Это было ударом для Димитрия: великое здание, которое он создал, с самого основания начинала уже подтачивать червоточина. Вообще ему становилось подчас невыносимо тяжело. Но он продолжал оставаться неизменным — он не ожесточался, а становился ещё великодушнее, он умел победить неведение и просветить человеческую слепоту силой своего духа и тем светочем истинного счастья, которое он надеялся дать своему народу. Удивительный мечтатель! В то же время его сокрушала перемена в Ксении, её тайная грусть, что-то тоскливое и тревожное в её ещё недавно светлых, детских глазах. А она ему стала дорога, ещё дороже после рокового намёка старого Мнишка, что девушка эта «слишком близка к нему».
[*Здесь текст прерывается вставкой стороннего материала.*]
Lemma delay_decay (t : R) : 0 <= t ->
  RInt y t (t + 1) <= exp r / (1 - A * (exp r - 1) / r) * exp (- r * t) * RInt y 0 1.
Proof.
  intros Ht. fold P.
  assert (Hmono : lyapunov t <= lyapunov 0).
  { apply (nonincreasing_of_derive_nonpos lyapunov lyapunov_deriv 0 t); try lra.
    - intros s _. apply (continuous_of_derive lyapunov lyapunov_deriv), is_derive_lyapunov.
    - intros s _. apply is_derive_lyapunov.
    - intros s Hs. apply lyapunov_deriv_nonpos. lra. }
  assert (Ht' : exp (r * t) * RInt y t (t + 1) <= lyapunov t).
  { unfold lyapunov. pose proof (RInt_window_weighted_ge t). pose proof delay_weight_ge0. nra. }
  assert (H0 : lyapunov 0 <= P * RInt y 0 1).
  { unfold lyapunov. rewrite Rplus_0_l, Rmult_0_r, exp_0, <- delay_weights_balance.
    pose proof RInt_window0_weighted_le. pose proof delay_weight_ge0. nra. }
  assert (Hexp : exp (- r * t) * exp (r * t) = 1) by (rewrite <- exp_plus, <- exp_0; f_equal; ring).
  replace (RInt y t (t + 1)) with (exp (- r * t) * (exp (r * t) * RInt y t (t + 1)))
    by (rewrite <- Rmult_assoc, Hexp; ring).
  pose proof (exp_pos (- r * t)). nra.
Qed.

End DelayDecay.

(** * The decay-rate condition *)

Lemma concave_nonneg (F dF ddF : R -> R) (a b : R) :
  (forall x, is_derive F x (dF x)) -> (forall x, is_derive dF x (ddF x)) ->
  (forall x, a < x < b -> ddF x <= 0) -> 0 <= F a -> 0 <= F b ->
  forall x, a <= x <= b -> 0 <= F x.
Proof.
  intros HF HdF Hdd Ha Hb x Hx.
  destruct (Req_dec x a) as [->|Hxa]; [exact Ha|].
  destruct (Req_dec x b) as [->|Hxb]; [exact Hb|].
  assert (HFc : forall z, continuous F z) by (intros z; apply (continuous_of_derive F dF), HF).
  destruct (MVT_open F dF a x) as [c1 [Hc1 E1]]; [lra | intros; apply HFc | intros; apply HF |].
  destruct (MVT_open F dF x b) as [c2 [Hc2 E2]]; [lra | intros; apply HFc | intros; apply HF |].
  assert (Hslopes : dF c2 <= dF c1).
  { apply (nonincreasing_of_derive_nonpos dF ddF a b); try lra.
    - intros z _. apply (continuous_of_derive dF ddF), HdF.
    - intros z _. apply HdF.
    - exact Hdd. }
  assert (Hid : F x * (b - a) = F a * (b - x) + F b * (x - a) + (dF c1 - dF c2) * ((x - a) * (b - x))).
  { replace (F x * (b - a)) with (F x * (b - x) + F x * (x - a)) by ring.
    replace (F x) with (F a + dF c1 * (x - a)) at 1 by lra.
    replace (F x) with (F b - dF c2 * (b - x)) at 1 by lra. ring. }
  assert (0 <= (dF c1 - dF c2) * ((x - a) * (b - x))) by (apply Rmult_le_pos; nra).
  nra.
Qed.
— Что же, государь, укажешь учинить виновным — какую казнь? — спрашивал Басманов насчёт семерых уличённых в измене стрельцов.
— Не знаю, Пётр, — отвечал Димитрий грустно, глядя на обручальное кольцо Марины, которое Власьев недавно прислал к нему. — Хоть бы строку одну, хоть бы одно слово написала... Гордая, проклятая полячка! — невольно сорвалось у него с языка.
Басманов не знал, что ему делать. Он видел, что царь грустит, а развлечь его не умел.